Additionally, the motion must be heard by the trial judge who entered the order, and it must be accompanied by an explanation for the failure to bring the information to the court's attention earlier. Wilson, supra, p. 1032.

B. Respondent Presents New Evidence to Support His Motion for Reconsideration of the Ruling to Deny Respondent's Motion to Vacate the Judgment

On January 17, 2005, Respondent substituted out his former attorney so that he now acts in pro per.  On the same day, Respondent retrieved his file from his former attorney.

On January 17, 2005, Respondent discovered in his file a copy of correspondence from his attorney to Petitioner's attorney in which Respondent's objections to the proposed draft judgment were made very clear.

III. CONCLUSION

For the above and foregoing reasons, Respondent urges the court to reconsider and to revoke its previous ruling denying Respondent's Motion to Vacate Judgment.
Title: RE: Something like this?
Post by: socrateaser on Jan 13, 2005, 10:22:10 AM
I think you're making this way to complex, and the judge has demonstrated that unless things are presented in a manner so straightforward that he can follow it instantly, that he will blow you off.

When is your 10 days up? I need to think about this a little.
Title: RE: Something like this?
Post by: DecentDad on Jan 13, 2005, 10:39:44 AM
Because I was #29 on a docket of 32, I got to watch judge for half a day yesterday.  I'd agree with your assessment that he makes fast decisions, including a blow off... he doesn't appear peeved like other judges I've seen.  He just rules fast.

Yesterday, he denied things right and left and referred half the folks to try to settle in conciliation before returning.  He changed custody in a 10 minute hearing without an expert witness (i.e., mom argued that son is failing two classes, that dad obviously can't help him, so mom wanted change in custody back to her; dad said that son has a tutor, that he's doing his best; and judge agreed with mom that she can probably do better).

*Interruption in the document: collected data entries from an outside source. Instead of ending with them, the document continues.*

(* Every index pattern of boost weight 0 is brought to one of the patterns
   n l l n, n m l m, n l m m, m m m m by the symmetries of tau. *)
Lemma tau_bw0_eq0 A B C D : boost_weight A B C D = 0 -> tau A B C D = 0.
Proof.
pose vanishing := (tau_nlln, tau_nmlm, tau_nlmm, tau_mmmm, tau_diagl, tau_diagr).
move=> /eqP; case: (frame_indexP A) => [||a]; case: (frame_indexP B) => [||b];
  case: (frame_indexP C) => [||c]; case: (frame_indexP D) => [||d] // _;
  first [ by rewrite vanishing
        | by rewrite tau_asym vanishing ?oppr0
        | by rewrite tau_asymr vanishing ?oppr0
        | by rewrite tau_asym tau_asymr vanishing ?oppr0
        | by rewrite tau_pair vanishing
        | by rewrite tau_pair tau_asym vanishing ?oppr0
        | by rewrite tau_pair tau_asymr vanishing ?oppr0
        | by rewrite tau_pair tau_asym tau_asymr vanishing ?oppr0 ].
Qed.

End BoostWeightZero.

Section NullFrame.
Variables (R : realType) (n : nat).
Local Notation N := n.+2.
Local Notation eta := (null_gram R n).
Local Notation form := ('I_N -> 'I_N -> 'I_N -> 'I_N -> R).

Lemma null_gramE A B : eta A B = (B == dual A)%:R.
Proof.
rewrite mxE; case: (frame_indexP A) => [||i]; case: (frame_indexP B) => [||j] //=.
have -> : (1 < bump 0 (bump 0 i))%N by [].
by rewrite dualM andbT !(inj_eq iM_inj) [j == i]eq_sym; case: (i == j).
Qed.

In hallway, attorneys joked about how badly they'll likely get screwed by him that day, or war stories about him.  I didn't observe this about my prior judge, who resigned in 2004.

I previously looked up that of the dozen or so appeals stemming from his ruling, he was affirmed in all but one, and that one was a minor correction to consider something before ruling again.

I don't have much history with this judge, which means I have yet to try his patience to have him predisposed against me.

This all happened yesterday, so my ten days are Jan 22.

Thanks,
DD
Title: Oh, and about the original motion filed to vacate judgment
Post by: DecentDad on Jan 13, 2005, 10:48:18 AM
When I had discussed it by phone with my attorney (following the 663 online thread you and I had), we seemed to have agreement that we'd seek the judgment to be vacated in part, only for the issues of child support and childcare.

However, he filed a motion to vacate it entirely and replace it with my own proposed judgment (which would have corrected less objectionable things too).

So, I don't know if my motion to reconsider can take a more reasonable approach to ask the court to specifically vacate the child support and child care clauses and allow previously existing orders on those matters to stand.  Perhaps take that 663 component and hammer that "in part" is also at the court's discretion?

DD
Title: Or a different approach altogether?
Post by: DecentDad on Jan 13, 2005, 12:15:05 PM
Hi, sorry, I know I'm stacking up a few notes.

What if I filed something like a "Request for Statement of Decision/Clarification of Basis to Deviate from Guideline and Award Childcare"

Then outline what happened... showing that there was no stipulation for this CS amount, that biomom doesn't work (hence no childcare).

Would court, on its own motion, then have discretion to vacate the judgment on those issues alone, deferring to the existing 2002 orders?